(Beginning of RAW DATA)

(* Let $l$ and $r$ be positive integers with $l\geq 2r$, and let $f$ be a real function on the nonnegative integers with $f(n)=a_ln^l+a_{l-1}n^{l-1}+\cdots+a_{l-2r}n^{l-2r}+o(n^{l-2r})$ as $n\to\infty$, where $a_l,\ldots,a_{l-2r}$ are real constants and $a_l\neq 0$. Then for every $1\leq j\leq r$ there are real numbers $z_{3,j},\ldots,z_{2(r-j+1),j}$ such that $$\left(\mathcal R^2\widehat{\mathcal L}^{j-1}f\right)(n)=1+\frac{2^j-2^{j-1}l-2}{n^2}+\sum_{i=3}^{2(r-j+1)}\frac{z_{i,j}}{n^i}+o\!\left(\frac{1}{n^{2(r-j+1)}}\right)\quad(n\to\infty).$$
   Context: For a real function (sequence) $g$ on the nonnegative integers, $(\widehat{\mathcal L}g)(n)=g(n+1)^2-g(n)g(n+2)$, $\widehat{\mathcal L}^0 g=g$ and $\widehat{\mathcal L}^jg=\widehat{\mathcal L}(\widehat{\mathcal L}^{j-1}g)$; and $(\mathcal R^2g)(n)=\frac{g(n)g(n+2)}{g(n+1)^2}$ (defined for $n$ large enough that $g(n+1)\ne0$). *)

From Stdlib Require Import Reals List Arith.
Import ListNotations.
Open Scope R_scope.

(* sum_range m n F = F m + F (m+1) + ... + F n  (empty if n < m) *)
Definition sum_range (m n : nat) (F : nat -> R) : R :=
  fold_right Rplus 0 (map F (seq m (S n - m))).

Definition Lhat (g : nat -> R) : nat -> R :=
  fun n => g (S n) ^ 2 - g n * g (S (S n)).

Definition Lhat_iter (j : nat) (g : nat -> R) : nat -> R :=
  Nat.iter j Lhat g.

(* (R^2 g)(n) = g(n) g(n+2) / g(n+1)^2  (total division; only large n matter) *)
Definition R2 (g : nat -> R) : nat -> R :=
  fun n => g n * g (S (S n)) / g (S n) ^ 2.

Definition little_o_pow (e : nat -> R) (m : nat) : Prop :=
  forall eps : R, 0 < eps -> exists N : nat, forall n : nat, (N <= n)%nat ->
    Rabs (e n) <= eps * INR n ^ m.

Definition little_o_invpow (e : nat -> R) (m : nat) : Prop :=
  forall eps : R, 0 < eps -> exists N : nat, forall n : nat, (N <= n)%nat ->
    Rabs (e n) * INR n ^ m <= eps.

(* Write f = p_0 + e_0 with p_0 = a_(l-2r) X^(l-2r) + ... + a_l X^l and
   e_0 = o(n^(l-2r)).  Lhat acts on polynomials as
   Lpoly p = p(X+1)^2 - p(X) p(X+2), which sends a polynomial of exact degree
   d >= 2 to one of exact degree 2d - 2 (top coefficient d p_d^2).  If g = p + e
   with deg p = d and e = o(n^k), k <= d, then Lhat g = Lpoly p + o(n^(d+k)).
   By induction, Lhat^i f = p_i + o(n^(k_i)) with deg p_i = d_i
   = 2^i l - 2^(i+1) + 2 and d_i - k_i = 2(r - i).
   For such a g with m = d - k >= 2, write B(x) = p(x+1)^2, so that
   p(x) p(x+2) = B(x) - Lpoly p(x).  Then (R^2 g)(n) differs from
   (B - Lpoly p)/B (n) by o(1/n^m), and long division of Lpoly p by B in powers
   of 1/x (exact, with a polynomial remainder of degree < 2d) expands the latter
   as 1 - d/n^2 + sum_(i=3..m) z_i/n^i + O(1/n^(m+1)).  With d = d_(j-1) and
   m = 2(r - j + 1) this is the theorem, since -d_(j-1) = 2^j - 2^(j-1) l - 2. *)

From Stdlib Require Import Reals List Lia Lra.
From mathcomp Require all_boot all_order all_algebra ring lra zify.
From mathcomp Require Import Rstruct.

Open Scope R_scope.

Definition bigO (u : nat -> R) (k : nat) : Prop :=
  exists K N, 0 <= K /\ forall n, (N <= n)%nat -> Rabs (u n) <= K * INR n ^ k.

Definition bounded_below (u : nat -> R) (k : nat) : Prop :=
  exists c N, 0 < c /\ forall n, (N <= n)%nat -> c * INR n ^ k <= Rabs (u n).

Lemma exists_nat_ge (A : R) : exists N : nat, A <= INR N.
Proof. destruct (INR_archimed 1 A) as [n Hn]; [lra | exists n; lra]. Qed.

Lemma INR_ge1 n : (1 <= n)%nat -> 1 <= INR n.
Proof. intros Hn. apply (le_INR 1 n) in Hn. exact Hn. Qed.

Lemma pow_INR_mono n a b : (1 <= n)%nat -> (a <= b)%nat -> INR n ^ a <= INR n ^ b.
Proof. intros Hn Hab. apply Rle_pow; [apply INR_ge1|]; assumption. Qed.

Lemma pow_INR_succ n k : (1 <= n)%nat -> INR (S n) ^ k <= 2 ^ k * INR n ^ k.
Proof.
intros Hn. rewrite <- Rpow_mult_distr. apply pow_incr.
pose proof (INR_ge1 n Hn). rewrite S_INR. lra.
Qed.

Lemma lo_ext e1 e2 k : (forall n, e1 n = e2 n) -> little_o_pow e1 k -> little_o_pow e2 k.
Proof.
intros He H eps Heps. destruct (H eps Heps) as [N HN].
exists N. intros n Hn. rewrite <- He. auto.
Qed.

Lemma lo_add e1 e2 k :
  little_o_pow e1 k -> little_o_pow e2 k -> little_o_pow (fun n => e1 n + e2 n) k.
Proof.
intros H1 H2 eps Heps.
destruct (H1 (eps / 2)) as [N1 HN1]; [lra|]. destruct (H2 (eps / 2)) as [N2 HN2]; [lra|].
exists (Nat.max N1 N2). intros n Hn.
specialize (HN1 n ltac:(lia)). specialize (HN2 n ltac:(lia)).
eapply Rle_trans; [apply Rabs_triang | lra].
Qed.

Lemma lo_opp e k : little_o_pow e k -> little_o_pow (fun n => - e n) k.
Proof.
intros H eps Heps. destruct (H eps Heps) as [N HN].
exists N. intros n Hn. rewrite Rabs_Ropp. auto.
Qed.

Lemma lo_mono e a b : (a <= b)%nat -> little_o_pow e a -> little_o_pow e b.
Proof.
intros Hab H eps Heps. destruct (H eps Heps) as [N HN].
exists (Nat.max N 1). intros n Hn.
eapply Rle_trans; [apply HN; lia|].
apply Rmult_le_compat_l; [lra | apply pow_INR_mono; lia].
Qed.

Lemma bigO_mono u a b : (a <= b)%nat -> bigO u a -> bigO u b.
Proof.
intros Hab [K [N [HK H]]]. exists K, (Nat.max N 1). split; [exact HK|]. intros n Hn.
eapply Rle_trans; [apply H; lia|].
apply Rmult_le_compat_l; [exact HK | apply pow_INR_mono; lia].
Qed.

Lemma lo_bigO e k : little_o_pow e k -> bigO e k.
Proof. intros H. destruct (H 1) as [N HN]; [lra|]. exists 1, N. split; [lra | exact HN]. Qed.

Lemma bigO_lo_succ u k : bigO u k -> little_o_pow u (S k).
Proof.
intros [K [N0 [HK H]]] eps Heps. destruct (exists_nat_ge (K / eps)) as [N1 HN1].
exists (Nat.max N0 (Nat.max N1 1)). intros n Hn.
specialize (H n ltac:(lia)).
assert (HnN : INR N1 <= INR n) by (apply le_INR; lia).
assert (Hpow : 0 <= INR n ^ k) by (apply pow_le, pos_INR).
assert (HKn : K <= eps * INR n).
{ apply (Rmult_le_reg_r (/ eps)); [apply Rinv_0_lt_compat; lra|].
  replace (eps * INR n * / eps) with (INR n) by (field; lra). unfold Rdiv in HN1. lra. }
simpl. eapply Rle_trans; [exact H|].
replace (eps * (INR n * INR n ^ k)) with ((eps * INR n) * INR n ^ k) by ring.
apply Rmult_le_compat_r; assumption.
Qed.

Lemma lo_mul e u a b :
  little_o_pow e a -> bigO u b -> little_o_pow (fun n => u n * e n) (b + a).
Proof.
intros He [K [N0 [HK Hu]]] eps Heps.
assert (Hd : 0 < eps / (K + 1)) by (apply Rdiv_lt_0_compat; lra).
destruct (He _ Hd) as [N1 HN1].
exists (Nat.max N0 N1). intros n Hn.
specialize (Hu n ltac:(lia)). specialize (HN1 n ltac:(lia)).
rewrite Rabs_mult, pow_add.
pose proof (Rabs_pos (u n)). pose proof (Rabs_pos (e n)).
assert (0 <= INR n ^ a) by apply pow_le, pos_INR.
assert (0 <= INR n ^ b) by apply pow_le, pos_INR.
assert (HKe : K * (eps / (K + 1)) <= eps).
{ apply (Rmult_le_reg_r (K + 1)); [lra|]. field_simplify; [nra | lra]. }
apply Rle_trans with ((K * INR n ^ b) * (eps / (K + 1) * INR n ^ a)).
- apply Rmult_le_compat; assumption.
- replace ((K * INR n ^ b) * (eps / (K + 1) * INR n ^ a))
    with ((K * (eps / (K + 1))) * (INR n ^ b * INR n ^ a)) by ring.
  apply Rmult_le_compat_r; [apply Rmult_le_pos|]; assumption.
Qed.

(End of RAW DATA)
(Beginning of RAW DATA)

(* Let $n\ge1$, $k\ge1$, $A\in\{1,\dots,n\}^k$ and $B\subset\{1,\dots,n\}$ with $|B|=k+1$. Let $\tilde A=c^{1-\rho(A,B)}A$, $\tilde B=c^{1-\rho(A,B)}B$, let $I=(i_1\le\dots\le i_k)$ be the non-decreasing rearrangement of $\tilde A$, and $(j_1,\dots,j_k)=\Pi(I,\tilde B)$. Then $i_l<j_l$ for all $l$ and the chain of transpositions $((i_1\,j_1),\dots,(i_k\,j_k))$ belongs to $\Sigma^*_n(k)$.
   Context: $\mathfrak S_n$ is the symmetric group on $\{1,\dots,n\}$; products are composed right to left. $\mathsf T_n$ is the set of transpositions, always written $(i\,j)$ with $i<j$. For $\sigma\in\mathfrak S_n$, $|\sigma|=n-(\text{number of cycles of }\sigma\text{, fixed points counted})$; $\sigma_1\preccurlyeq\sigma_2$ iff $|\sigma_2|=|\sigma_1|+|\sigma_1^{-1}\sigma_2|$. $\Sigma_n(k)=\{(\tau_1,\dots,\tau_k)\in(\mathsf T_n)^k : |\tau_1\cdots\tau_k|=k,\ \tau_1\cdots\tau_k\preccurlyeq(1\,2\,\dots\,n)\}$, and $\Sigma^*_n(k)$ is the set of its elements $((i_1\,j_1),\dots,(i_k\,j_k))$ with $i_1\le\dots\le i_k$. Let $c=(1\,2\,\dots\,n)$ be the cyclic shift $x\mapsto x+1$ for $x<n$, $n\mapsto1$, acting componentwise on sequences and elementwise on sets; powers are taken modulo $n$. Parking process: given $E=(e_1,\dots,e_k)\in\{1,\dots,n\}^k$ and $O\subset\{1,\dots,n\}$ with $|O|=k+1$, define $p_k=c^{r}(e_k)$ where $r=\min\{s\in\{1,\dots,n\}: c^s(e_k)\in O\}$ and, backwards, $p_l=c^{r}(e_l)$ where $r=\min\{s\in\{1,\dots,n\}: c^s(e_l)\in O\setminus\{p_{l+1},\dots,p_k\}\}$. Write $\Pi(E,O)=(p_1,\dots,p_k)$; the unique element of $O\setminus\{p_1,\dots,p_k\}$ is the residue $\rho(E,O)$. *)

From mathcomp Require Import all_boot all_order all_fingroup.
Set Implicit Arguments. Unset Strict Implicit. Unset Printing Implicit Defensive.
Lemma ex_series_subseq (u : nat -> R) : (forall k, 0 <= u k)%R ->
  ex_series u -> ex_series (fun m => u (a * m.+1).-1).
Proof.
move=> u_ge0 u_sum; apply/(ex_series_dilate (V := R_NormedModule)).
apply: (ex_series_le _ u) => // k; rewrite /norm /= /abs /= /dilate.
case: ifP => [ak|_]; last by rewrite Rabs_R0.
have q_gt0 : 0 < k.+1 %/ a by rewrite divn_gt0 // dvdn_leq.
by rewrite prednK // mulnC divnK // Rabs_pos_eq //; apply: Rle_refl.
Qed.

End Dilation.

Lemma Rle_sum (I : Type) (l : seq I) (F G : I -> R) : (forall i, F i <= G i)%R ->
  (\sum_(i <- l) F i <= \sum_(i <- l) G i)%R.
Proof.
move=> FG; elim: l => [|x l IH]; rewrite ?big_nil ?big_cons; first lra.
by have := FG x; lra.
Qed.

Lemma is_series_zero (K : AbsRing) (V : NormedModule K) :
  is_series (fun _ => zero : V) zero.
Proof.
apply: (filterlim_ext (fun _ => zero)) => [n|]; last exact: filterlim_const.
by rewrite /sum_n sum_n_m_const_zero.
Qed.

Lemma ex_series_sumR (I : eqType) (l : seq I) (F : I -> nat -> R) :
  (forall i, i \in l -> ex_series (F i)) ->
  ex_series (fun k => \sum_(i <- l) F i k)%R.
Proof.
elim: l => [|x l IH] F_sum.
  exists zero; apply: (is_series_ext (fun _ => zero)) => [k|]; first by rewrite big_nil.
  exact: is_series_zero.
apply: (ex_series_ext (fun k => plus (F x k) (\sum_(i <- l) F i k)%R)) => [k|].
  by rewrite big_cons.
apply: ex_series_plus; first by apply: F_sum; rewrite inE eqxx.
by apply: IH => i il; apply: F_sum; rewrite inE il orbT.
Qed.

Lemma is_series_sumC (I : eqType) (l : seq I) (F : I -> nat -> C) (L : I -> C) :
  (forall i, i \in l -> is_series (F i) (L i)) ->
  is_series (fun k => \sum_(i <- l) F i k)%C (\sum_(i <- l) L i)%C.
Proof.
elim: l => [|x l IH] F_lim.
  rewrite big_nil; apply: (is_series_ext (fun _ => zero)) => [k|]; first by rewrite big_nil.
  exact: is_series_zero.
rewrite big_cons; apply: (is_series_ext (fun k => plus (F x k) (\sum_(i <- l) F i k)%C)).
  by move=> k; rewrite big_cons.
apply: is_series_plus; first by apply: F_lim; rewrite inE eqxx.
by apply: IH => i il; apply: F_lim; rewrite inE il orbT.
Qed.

(End of RAW DATA)
(Beginning of RAW DATA)

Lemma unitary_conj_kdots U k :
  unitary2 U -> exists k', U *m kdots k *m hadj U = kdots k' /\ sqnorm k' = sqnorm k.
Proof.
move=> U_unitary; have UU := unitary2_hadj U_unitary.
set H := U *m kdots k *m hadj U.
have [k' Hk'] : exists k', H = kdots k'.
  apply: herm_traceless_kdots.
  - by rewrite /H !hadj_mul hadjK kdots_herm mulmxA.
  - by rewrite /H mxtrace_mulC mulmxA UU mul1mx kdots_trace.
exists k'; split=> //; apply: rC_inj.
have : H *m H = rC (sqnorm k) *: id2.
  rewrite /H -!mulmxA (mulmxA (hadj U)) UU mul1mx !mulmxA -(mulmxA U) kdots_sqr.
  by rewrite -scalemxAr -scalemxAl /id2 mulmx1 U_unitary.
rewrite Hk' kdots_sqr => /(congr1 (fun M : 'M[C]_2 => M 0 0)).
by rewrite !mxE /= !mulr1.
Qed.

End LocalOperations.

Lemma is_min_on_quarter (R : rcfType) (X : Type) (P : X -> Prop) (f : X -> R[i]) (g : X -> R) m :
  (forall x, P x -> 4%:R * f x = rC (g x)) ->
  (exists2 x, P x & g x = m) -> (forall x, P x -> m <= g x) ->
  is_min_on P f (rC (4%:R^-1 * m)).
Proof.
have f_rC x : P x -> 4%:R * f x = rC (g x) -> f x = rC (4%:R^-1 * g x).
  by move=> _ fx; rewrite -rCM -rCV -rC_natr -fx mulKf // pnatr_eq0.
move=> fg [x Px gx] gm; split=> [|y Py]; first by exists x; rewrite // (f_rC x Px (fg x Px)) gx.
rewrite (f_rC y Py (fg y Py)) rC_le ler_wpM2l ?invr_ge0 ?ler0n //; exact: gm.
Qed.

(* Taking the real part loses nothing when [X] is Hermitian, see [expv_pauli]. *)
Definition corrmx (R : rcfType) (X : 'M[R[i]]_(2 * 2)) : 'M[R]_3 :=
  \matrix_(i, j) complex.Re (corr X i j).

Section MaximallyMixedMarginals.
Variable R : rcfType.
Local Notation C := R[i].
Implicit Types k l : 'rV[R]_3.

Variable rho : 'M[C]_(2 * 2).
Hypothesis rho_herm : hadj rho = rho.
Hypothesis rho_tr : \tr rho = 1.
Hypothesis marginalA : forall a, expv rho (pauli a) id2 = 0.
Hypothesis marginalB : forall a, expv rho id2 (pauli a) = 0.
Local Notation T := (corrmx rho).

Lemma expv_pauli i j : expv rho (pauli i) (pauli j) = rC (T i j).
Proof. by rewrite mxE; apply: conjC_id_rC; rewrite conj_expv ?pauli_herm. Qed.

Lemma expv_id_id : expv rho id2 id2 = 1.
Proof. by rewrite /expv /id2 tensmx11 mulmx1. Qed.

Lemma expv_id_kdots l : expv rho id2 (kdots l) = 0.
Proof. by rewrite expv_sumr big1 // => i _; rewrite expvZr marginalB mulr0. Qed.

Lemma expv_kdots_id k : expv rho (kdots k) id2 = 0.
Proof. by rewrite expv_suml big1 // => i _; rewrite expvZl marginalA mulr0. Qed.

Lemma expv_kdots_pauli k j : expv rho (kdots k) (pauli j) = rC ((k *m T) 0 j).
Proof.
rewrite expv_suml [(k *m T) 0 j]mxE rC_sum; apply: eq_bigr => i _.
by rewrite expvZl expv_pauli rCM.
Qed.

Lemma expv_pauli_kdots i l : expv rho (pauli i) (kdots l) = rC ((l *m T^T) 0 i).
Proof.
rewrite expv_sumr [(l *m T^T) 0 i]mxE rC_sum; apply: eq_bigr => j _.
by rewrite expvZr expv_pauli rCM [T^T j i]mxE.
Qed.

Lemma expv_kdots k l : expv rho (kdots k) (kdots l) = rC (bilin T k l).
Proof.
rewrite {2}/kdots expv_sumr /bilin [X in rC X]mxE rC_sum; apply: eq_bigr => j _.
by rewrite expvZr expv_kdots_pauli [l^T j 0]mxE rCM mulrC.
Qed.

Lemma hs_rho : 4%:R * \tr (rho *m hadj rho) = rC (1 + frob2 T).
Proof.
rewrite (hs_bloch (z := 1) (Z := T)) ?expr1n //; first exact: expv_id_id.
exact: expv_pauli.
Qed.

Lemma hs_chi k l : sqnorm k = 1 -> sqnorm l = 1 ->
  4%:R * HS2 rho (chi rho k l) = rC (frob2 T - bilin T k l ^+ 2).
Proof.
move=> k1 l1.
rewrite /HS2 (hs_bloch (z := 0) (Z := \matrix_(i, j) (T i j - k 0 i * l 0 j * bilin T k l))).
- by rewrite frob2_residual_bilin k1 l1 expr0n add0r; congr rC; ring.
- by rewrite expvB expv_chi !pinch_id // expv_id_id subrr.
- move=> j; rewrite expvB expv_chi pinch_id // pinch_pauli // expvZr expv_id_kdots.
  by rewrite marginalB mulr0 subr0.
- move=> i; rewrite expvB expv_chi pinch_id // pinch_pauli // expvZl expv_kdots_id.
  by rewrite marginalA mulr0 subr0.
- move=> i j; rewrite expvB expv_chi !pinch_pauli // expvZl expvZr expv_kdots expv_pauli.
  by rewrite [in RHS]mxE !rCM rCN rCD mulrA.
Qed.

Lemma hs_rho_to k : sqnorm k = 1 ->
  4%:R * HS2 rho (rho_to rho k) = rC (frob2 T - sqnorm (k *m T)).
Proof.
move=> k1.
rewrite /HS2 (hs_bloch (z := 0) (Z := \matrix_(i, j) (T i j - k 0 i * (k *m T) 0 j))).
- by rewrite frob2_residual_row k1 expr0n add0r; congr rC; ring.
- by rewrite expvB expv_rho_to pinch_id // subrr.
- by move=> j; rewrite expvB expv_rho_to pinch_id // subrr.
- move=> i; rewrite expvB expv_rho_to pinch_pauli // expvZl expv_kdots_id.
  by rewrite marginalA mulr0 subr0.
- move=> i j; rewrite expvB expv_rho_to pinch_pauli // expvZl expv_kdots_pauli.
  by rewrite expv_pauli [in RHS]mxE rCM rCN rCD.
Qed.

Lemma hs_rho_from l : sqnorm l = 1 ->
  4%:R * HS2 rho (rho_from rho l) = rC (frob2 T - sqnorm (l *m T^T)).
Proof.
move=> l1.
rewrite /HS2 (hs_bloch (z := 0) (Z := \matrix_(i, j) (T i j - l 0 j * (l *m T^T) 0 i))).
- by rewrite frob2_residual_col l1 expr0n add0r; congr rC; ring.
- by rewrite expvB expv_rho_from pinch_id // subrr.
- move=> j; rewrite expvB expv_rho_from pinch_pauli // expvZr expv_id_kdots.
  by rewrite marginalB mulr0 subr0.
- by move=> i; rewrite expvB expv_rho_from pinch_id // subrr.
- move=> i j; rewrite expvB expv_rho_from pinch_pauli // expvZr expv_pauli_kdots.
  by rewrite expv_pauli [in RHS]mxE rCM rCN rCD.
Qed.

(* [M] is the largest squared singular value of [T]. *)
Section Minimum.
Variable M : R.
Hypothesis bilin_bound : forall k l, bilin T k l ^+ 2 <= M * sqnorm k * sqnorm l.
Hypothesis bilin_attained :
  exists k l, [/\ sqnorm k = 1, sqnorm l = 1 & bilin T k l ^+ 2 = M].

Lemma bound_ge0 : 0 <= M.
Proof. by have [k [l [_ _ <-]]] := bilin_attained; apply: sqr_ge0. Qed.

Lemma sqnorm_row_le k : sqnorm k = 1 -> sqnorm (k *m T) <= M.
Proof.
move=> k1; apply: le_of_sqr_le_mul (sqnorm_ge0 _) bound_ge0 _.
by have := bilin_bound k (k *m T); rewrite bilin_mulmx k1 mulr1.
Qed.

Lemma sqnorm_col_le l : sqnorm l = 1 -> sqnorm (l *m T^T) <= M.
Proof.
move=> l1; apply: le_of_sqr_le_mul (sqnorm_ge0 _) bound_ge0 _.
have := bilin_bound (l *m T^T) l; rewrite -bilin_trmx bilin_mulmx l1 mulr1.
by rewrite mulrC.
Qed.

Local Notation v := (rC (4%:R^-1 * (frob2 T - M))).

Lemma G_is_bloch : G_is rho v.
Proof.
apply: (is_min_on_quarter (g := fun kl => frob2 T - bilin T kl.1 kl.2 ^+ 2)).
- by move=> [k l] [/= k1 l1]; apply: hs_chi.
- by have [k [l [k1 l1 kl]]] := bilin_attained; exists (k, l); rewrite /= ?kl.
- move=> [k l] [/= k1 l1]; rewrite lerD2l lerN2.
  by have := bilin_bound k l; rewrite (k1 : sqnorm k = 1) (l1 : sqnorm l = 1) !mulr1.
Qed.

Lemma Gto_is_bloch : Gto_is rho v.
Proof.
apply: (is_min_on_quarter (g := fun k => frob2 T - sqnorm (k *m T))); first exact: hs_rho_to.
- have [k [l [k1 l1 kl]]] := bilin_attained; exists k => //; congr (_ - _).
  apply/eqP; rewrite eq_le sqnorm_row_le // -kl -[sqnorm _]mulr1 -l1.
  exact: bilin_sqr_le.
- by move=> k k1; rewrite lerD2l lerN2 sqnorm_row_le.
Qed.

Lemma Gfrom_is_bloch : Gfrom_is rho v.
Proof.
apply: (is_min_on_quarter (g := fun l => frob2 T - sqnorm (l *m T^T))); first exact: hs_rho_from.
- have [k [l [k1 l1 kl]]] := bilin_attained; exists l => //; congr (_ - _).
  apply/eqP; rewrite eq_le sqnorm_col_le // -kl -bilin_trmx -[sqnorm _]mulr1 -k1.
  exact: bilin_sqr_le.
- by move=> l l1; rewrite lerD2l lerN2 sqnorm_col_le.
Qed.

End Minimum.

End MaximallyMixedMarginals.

(End of RAW DATA)

_YOUR OBJECTIVE_. Above are the lines; repeat exactly the ones from the line containing "have [k' Hk'] : exists k', H = kdots k'." down to the line containing "by move=> _", both inclusive.

_FINAL ANSWER_.
have [k' Hk'] : exists k', H = kdots k'.
  apply: herm_traceless_kdots.
  - by rewrite /H !hadj_mul hadjK kdots_herm mulmxA.
  - by rewrite /H mxtrace_mulC mulmxA UU mul1mx kdots_trace.
exists k'; split=> //; apply: rC_inj.
have : H *m H = rC (sqnorm k) *: id2.
  rewrite /H -!mulmxA (mulmxA (hadj U)) UU mul1mx !mulmxA -(mulmxA U) kdots_sqr.
  by rewrite -scalemxAr -scalemxAl /id2 mulmx1 U_unitary.
rewrite Hk' kdots_sqr => /(congr1 (fun M : 'M[C]_2 => M 0 0)).
by rewrite !mxE /= !mulr1.
Qed.

End LocalOperations.

Lemma is_min_on_quarter (R : rcfType) (X : Type) (P : X -> Prop) (f : X -> R[i]) (g : X -> R) m :
  (forall x, P x -> 4%:R * f x = rC (g x)) ->
  (exists2 x, P x & g x = m) -> (forall x, P x -> m <= g x) ->
  is_min_on P f (rC (4%:R^-1 * m)).
Proof.
have f_rC x : P x -> 4%:R * f x = rC (g x) -> f x = rC (4%:R^-1 * g x).
  by move=> _ fx; rewrite -rCM -rCV -rC_natr -fx mulKf // pnatr_eq0.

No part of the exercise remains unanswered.